Requirement: Would you pull out every line of the material that contains the string "move"?

Exercise material:
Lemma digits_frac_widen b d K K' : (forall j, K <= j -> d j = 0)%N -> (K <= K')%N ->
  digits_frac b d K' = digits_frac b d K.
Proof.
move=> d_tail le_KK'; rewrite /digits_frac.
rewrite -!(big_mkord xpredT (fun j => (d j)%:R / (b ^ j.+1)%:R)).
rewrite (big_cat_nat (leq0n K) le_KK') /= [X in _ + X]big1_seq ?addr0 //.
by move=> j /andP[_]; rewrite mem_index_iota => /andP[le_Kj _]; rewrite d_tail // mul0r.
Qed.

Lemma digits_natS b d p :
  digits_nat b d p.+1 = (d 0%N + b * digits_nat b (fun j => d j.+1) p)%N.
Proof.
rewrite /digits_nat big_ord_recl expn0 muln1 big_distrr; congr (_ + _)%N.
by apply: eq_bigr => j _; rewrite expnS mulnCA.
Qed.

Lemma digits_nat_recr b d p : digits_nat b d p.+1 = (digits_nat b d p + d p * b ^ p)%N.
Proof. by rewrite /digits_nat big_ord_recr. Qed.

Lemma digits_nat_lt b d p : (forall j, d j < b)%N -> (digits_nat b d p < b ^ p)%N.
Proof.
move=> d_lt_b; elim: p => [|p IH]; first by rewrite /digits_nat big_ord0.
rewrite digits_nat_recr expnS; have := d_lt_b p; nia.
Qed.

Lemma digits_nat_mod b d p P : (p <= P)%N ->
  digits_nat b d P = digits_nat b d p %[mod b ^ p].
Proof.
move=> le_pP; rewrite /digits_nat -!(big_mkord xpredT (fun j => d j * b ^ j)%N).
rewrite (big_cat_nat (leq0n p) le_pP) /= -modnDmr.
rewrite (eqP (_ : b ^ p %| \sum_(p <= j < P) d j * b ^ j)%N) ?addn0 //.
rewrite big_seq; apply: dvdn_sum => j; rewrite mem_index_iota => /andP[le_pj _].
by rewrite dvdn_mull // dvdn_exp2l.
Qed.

Answer below:
move=> d_tail le_KK'; rewrite /digits_frac.
by move=> j /andP[_]; rewrite mem_index_iota => /andP[le_Kj _]; rewrite d_tail // mul0r.
move=> d_lt_b; elim: p => [|p IH]; first by rewrite /digits_nat big_ord0.
move=> le_pP; rewrite /digits_nat -!(big_mkord xpredT (fun j => d j * b ^ j)%N).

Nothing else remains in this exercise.